Saved entries:
Lemma Rintegral_sum (I : Type) (s : seq I) (F : I -> T -> R) :
  (forall i, bounded_measurable (F i)) ->
  \int[P]_t (\sum_(i <- s) F i t) = \sum_(i <- s) \int[P]_t F i t.
Proof.
move=> bF; apply: EFin_inj; rewrite -integral_EFin_Rintegral; last first.
  exact: bounded_measurable_sum.
under eq_integral do rewrite -sumEFin.
rewrite integral_sum //; last by move=> i; exact: bounded_measurable_integrable.
rewrite -sumEFin; apply: eq_bigr => i _; exact: integral_EFin_Rintegral.
Qed.

Lemma Rintegral_mul_indic (A : set T) f :
  \int[P]_t (f t * \1_A t) = \int[P]_(t in A) f t.
Proof. by rewrite [RHS]Rintegral_mkcond patch_indic. Qed.

Lemma normr_Rintegral_le f (B : R) : bounded_measurable f ->
  (forall t, `|f t| <= B) -> `|\int[P]_t f t| <= B.
Proof.
move=> bf fB; apply: le_trans (le_normr_Rintegral _ _) _ => //.
  exact: bounded_measurable_integrable.
apply: le_trans (le_Rintegral (f2 := fun=> B) _ _ _ _) _ => //.
- exact/bounded_measurable_integrable/bounded_measurable_norm.
- exact/bounded_measurable_integrable/bounded_measurable_cst.
- by rewrite Rintegral_cst //; have /= -> := probability_setT P; rewrite mulr1.
Qed.

Lemma normr_Rintegral_le_of_cond_exp (A : set T) f (alpha : R) :
  measurable A -> measurable_fun A f -> 0 <= alpha ->
  `|cond_exp P A f| <= alpha / fine (P A) -> `|\int[P]_(t in A) f t| <= alpha.
Proof.
move=> mA mf alpha_ge0; rewrite /cond_exp -/(Rintegral P A f).
have PA_fin : P A \is a fin_num.
  by rewrite ge0_fin_numE // (le_lt_trans (probability_le1 P mA)) ?ltry.
have [PA0|PA_neq0] := eqVneq (fine (P A)) 0.
  (* The hypothesis degenerates to 0 <= 0 (division by 0 is 0), but A is null. *)
  have -> : \int[P]_(t in A) f t = 0.
    rewrite /Rintegral null_set_integral //; first exact/measurable_EFinP.
    by apply/eqP; rewrite -fine_eq0 // PA0.
  by rewrite normr0.
have PA_gt0 : 0 < fine (P A) by rewrite lt0r PA_neq0 fine_ge0.
by rewrite normrM normfV (gtr0_norm PA_gt0) ler_pM2r ?invr_gt0.
Qed.

Lemma integral_dotv (m : nat) (u v : T -> 'rV[R]_m) :
  (forall i, bounded_measurable (fun t => u t 0 i)) ->
  (forall i, bounded_measurable (fun t => v t 0 i)) ->
  (\int[P]_t (dotv (u t) (v t))%:E)%E = (\sum_i \int[P]_t (u t 0 i * v t 0 i))%:E.
Proof.
move=> bu bv; have buv i := bounded_measurableM (bu i) (bv i).
by rewrite /dotv integral_EFin_Rintegral ?Rintegral_sum //; exact: bounded_measurable_sum.
Qed.
(* Let $M=4Z+3$ with $Z\ge1$ an integer, and let $\gamma\neq0$ and $J$ be real. Consider on the open chain of $M$ sites $$H=\sum_{m=1}^{M-1}\Big(J\, c_{m+1}^\dagger c_m\sigma_{m+1}^+ + \text{h.c.}\Big) - \sum_{m=1}^{M-1}\gamma\Big(c_{m+1}^\dagger c_m + \text{h.c.}\Big).$$ Then the subspace of states with exactly one fermion and spin on site $1$ equal to $|\uparrow\rangle$ contains at least $2^{3Z+1}$ linearly independent states $|\Psi\rangle$ satisfying $H^2|\Psi\rangle=(2\gamma^2+J^2)|\Psi\rangle$, each of which generates a two-dimensional Krylov subspace $\mathrm{span}\{|\Psi\rangle, H|\Psi\rangle\}$ (so the Hamiltonian has at least $2^{3Z+1}$ two-dimensional Krylov subspaces in this sector).
   Context: Each site carries one spinless fermion mode ($c_m,c_m^\dagger$, canonical anticommutation relations) and one spin-$1/2$ with basis $|\uparrow\rangle=|1\rangle$, $|\downarrow\rangle=|0\rangle$ ($\sigma^z|1\rangle=|1\rangle$); $\sigma_m^+=|1\rangle\langle 0|$ acting on spin $m$ and $\sigma_m^-=(\sigma_m^+)^\dagger$. The Krylov subspace generated by $|\Psi\rangle$ is the span of $\{H^n|\Psi\rangle: n\ge 0\}$. *)

From HB Require Import structures.
From mathcomp Require Import all_boot all_order all_algebra.
Set Implicit Arguments. Unset Strict Implicit. Unset Printing Implicit Defensive.
Import Order.TTheory GRing.Theory Num.Theory.
Local Open Scope ring_scope.

(* Sites are indexed 0..M-1 (site m of the paper is index m-1).
   Fock basis of the chain: (fermion occupations, spin configuration),
   with spin value true = |up> = |1>, false = |down> = |0>. *)
Notation basis M := ({ffun 'I_M -> bool} * {ffun 'I_M -> bool})%type.

Notation state M C := {ffun basis M -> C^o}.

Section Ops.
Variables (M : nat) (C : numClosedFieldType).

Definition setb (f : {ffun 'I_M -> bool}) (m : 'I_M) (v : bool) : {ffun 'I_M -> bool} :=
  [ffun k => if k == m then v else f k].

Definition jw_sign (n : {ffun 'I_M -> bool}) (m : 'I_M) : C :=
  (-1) ^+ #|[set k : 'I_M | (val k < val m)%N && n k]|.

(* fermion annihilation c_m:  c_m |n> = sign * [n_m] |n - e_m> *)
Definition cop (m : 'I_M) (psi : state M C) : state M C :=
  [ffun b : basis M => if ~~ b.1 m then jw_sign b.1 m * psi (setb b.1 m true, b.2) else 0].

Definition cdag (m : 'I_M) (psi : state M C) : state M C :=
  [ffun b : basis M => if b.1 m then jw_sign b.1 m * psi (setb b.1 m false, b.2) else 0].

(* sigma_m^+ = |1><0| on spin m *)
Definition sigp (m : 'I_M) (psi : state M C) : state M C :=
  [ffun b : basis M => if b.2 m then psi (b.1, setb b.2 m false) else 0].

Definition sigm (m : 'I_M) (psi : state M C) : state M C :=
  [ffun b : basis M => if ~~ b.2 m then psi (b.1, setb b.2 m true) else 0].

(* H = sum_{m=1}^{M-1} ( J c_{m+1}^+ c_m s_{m+1}^+ + h.c. )
       - sum_{m=1}^{M-1} gamma ( c_{m+1}^+ c_m + h.c. ),
   with J, gamma real, so h.c. of the first term is J s_{m+1}^- c_m^+ c_{m+1}. *)
Definition Ham (J gamma : C) (psi : state M C) : state M C :=
  \sum_(a : 'I_M) \sum_(b : 'I_M | val b == (val a).+1)
    (J *: (cdag b (cop a (sigp b psi)) + sigm b (cdag a (cop b psi)))
     - gamma *: (cdag b (cop a psi) + cdag a (cop b psi))).

Definition in_sector (psi : state M C) : Prop :=
  forall b : basis M, psi b != 0 ->
    #|[set k : 'I_M | b.1 k]| = 1%N /\ (forall k : 'I_M, val k = 0%N -> b.2 k).

Definition lin_indep (k : nat) (v : 'I_k -> state M C) : Prop :=
  forall a : 'I_k -> C, \sum_(i < k) a i *: v i = 0 -> forall i, a i = 0.

Definition krylov (H : state M C -> state M C) (psi : state M C) (w : state M C) : Prop :=
  exists (N : nat) (a : 'I_N -> C), w = \sum_(n < N) a n *: iter n H psi.

Definition krylov_dim2 (H : state M C -> state M C) (psi : state M C) : Prop :=
  exists u v : state M C,
    [/\ krylov H psi u, krylov H psi v,
        (forall a b : C, a *: u + b *: v = 0 -> a = 0 /\ b = 0)
      & forall w, krylov H psi w -> exists a b : C, w = a *: u + b *: v].

End Ops.

(* Sites are numbered from 0.  In the one-fermion sector H moves the fermion by one site, and
   the spin of the site it hops onto (to the right) or leaves (to the left) is acted on by
   T = J s+ - gamma or T' = J s- - gamma.  With s^2 = 4 gamma^2 + J^2 the matrix T'T has the
   eigenvalues l+- = (2 gamma^2 + J^2 +- J s) / 2, so l+ + l- = 2 gamma^2 + J^2, l+ l- = gamma^4.
   Cut the chain into blocks of four sites and give every site j a spin state "ahead" (before the
   fermion passes) and "behind" (after), with behind = T ahead unless j = 4k+4 and T' behind
   proportional to ahead unless j = 4k+3: eigenvectors of T'T on the sites 4k+1, 4k+2 and basis
   states on 4k+3, 4k+4, which leaves 3Z + 1 binary choices.  On the resulting family of product
   states H acts as a weighted tight-binding chain for the fermion position, as long as the
   fermion avoids the sites 4k+3.  An amplitude psi on the sites 4k, 4k+2, with block ratios
   making H psi vanish on the sites 4k+3, gives phi = H psi on the sites 4k+1 and
   H phi = (l+ + l-) psi.  The components with the fermion on site 0 are distinct product states,
   so pairing with dual product states separates the 2^(3Z+1) states, and psi from H psi. *)

From HB Require Import structures.
From mathcomp Require Import all_boot all_order all_algebra.
From mathcomp Require Import zify ring.
Set Implicit Arguments. Unset Strict Implicit. Unset Printing Implicit Defensive.
Import Order.TTheory GRing.Theory Num.Theory.
Local Open Scope ring_scope.

Lemma bond_linearP (R : comNzRingType) (V : lmodType R) (c J g : R) (a1 b1 a2 b2 a3 b3 a4 b4 : V) :
  J *: (c *: a1 + b1 + (c *: a2 + b2)) - g *: (c *: a3 + b3 + (c *: a4 + b4)) =
  c *: (J *: (a1 + a2) - g *: (a3 + a4)) + (J *: (b1 + b2) - g *: (b3 + b4)).
Proof.
rewrite (addrACA (c *: a1)) (addrACA (c *: a3)) -!scalerDr (scalerDr J) (scalerDr g) opprD addrACA.
by rewrite scalerBr !scalerA (mulrC c J) (mulrC c g).
Qed.

Lemma scale_sub_if (R : pzRingType) (V : lmodType R) (J g : R) (c1 c2 : bool) (x1 x2 y1 y2 : V) :
  J *: ((if c1 then x1 else 0) + (if c2 then y1 else 0))
    - g *: ((if c1 then x2 else 0) + (if c2 then y2 else 0))
  = (if c1 then J *: x1 - g *: x2 else 0) + (if c2 then J *: y1 - g *: y2 else 0).
Proof.
case: c1; case: c2; rewrite ?addr0 ?add0r ?scaler0 ?subr0 //.
by rewrite !scalerDr opprD addrACA.
Qed.

Lemma sum_bonds (V : nmodType) (M : nat) (G : nat -> nat -> V) :
  \sum_(a < M) \sum_(b < M | b == a.+1 :> nat) G a b = \sum_(a < M | (a.+1 < M)%N) G a a.+1.
Proof. by rewrite [RHS]big_mkcond; apply: eq_bigr => a _; rewrite (big_ord1_eq _ (G a)). Qed.

Section TightBinding.
Variables (R : comNzRingType) (V : lmodType R) (N : nat) (w : nat -> R) (X : nat -> V).

Definition hop_amp (ps : nat -> R) (m : nat) : R :=
  (if (0 < m)%N then ps m.-1 else 0) + (if (m.+1 < N)%N then w m.+1 * ps m.+1 else 0).

Lemma sum_hop_amp ps :
  \sum_(0 <= m < N) ps m *: ((if (m.+1 < N)%N then X m.+1 else 0)
                             + (if (0 < m)%N then w m *: X m.-1 else 0))
  = \sum_(0 <= m < N) hop_amp ps m *: X m.
Proof.
rewrite /hop_amp; case: N => [|n]; first by rewrite !big_geq.
under eq_bigr => m _ do rewrite scalerDr.
under [RHS]eq_bigr => m _ do rewrite scalerDl.
rewrite !big_split /=; congr (_ + _).
  rewrite big_nat_recr //= ltnn scaler0 addr0 big_nat_recl //= scale0r add0r.
  by apply: eq_big_nat => m /andP [_ mn]; rewrite ltnS mn.
rewrite big_nat_recl //= scaler0 add0r big_nat_recr //= ltnn scale0r addr0.
by apply: eq_big_nat => m /andP [_ mn]; rewrite ltnS mn scalerA mulrC.
Qed.

Lemma linear_chain (H : {linear V -> V}) (active : pred nat) ps :
  (forall m, (m < N)%N -> active m ->
     H (X m) = (if (m.+1 < N)%N then X m.+1 else 0) + (if (0 < m)%N then w m *: X m.-1 else 0)) ->
  (forall m, (m < N)%N -> ~~ active m -> ps m = 0) ->
  H (\sum_(0 <= m < N) ps m *: X m) = \sum_(0 <= m < N) hop_amp ps m *: X m.
Proof.
move=> HX ps0; rewrite linear_sum -sum_hop_amp; apply: eq_big_nat => m /andP [_ mN].
rewrite linearZZ; case: (boolP (active m)) => am; first by rewrite HX.
by rewrite ps0 // !scale0r.
Qed.

End TightBinding.

Lemma bits_inj n a b : (a < 2 ^ n)%N -> (b < 2 ^ n)%N ->
  (forall t, (t < n)%N -> odd (a %/ 2 ^ t) = odd (b %/ 2 ^ t)) -> a = b.
Proof.
elim: n a b => [|n IH] a b ha hb same_bits; first by rewrite expn0 in ha hb; lia.
have := same_bits 0%N isT; rewrite expn0 !divn1 => odd_ab.
have half_ab : (a %/ 2 = b %/ 2)%N.
  apply: IH => [||t tn]; rewrite ?ltn_divLR // -?expnSr //.
  by have := same_bits t.+1 tn; rewrite expnS !divnMA.
by rewrite (divn_eq a 2) (divn_eq b 2) !modn2 odd_ab half_ab.
Qed.

Section Spinor.
Variable C : fieldType.
Local Notation spinor := (bool -> C).

Definition ket (c : bool) : spinor := fun x => (x == c)%:R.

Definition raise (v : spinor) : spinor := fun x => if x then v false else 0.
Definition lower (v : spinor) : spinor := fun x => if x then 0 else v true.

Definition hop_factor (J g : C) (u : spinor -> spinor) (v : spinor) : spinor :=
  fun x => J * u v x - g * v x.

Definition pair (v w : spinor) : C := \sum_(x : bool) v x * w x.

Definition det2 (p q : spinor) : C := p false * q true - p true * q false.

Definition dual_vec (p q : spinor) (c : bool) : spinor := fun x =>
  (if c then (if x then - q false else q true) else (if x then p false else - p true)) / det2 p q.

Lemma pair_dual p q c c' :
  det2 p q != 0 -> pair (if c' then p else q) (dual_vec p q c) = (c == c')%:R.
Proof. by rewrite /pair big_bool /dual_vec /det2 => d0; case: c; case: c' => /=; field. Qed.

End Spinor.

Arguments ket {C}.
Arguments raise {C}.
Arguments lower {C}.

Section HopEigen.
Variables (C : numFieldType) (J g s : C).
Hypothesis s2 : s ^+ 2 = 4 * g ^+ 2 + J ^+ 2.
Local Notation E2 := (2 * g ^+ 2 + J ^+ 2).
Local Notation T := (hop_factor J g raise).
Local Notation Td := (hop_factor J g lower).

Definition eigval (c : bool) : C := if c then (E2 + J * s) / 2 else (E2 - J * s) / 2.

Definition eigvec (c : bool) : bool -> C :=
  fun x => if x then (if c then (J - s) / 2 else (J + s) / 2) else g.

Lemma eigval_sum c : eigval c + eigval (~~ c) = E2.
Proof.
have two0 : (2 : C) != 0 by rewrite pnatr_eq0.
by case: c; rewrite /eigval /=; field.
Qed.

Lemma eigval_prod : eigval true * eigval false = g ^+ 4.
Proof.
have two0 : (2 : C) != 0 by rewrite pnatr_eq0.
have -> : eigval true * eigval false = (E2 ^+ 2 - J ^+ 2 * s ^+ 2) / 4 by rewrite /eigval; field.
by rewrite s2; field.
Qed.

Lemma eigval_neq0 c : g != 0 -> eigval c != 0.
Proof.
move=> g0; have : eigval true * eigval false != 0 by rewrite eigval_prod expf_neq0.
by rewrite mulf_eq0 negb_or => /andP []; case: c.
Qed.

Lemma hop_hop_eigvec c x : Td (T (eigvec c)) x = eigval c * eigvec c x.
Proof.
have two0 : (2 : C) != 0 by rewrite pnatr_eq0.
(* The up components agree only modulo s^2 = 4 g^2 + J^2. *)
have mod_s2 k (e : C) : e = k * (s ^+ 2 - (4 * g ^+ 2 + J ^+ 2)) -> e = 0.
  by rewrite s2 subrr mulr0.
apply/eqP; rewrite -subr_eq0; apply/eqP; rewrite /hop_factor /raise /lower /eigvec /eigval.
by case: x; [apply: (mod_s2 (J / 4)) | apply: (mod_s2 0)]; case: c => /=; field.
Qed.

End HopEigen.

Section SingleFermion.
Variables (M : nat) (C : numClosedFieldType).
Local Notation st := (state M C).
Local Notation occ := {ffun 'I_M -> bool}.

Lemma cop_is_linear m : linear (@cop M C m).
Proof.
by move=> a x y; apply/ffunP => b; rewrite !ffunE; case: ifP; rewrite ?scaler0 ?addr0 // mulrDr scalerAr.
Qed.
HB.instance Definition _ m := GRing.isLinear.Build C st st *:%R (@cop M C m) (cop_is_linear m).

## [Exercise goal]
Within the data, how many lines hold the word "case"? State only that number.

## [Result of the exercise]
8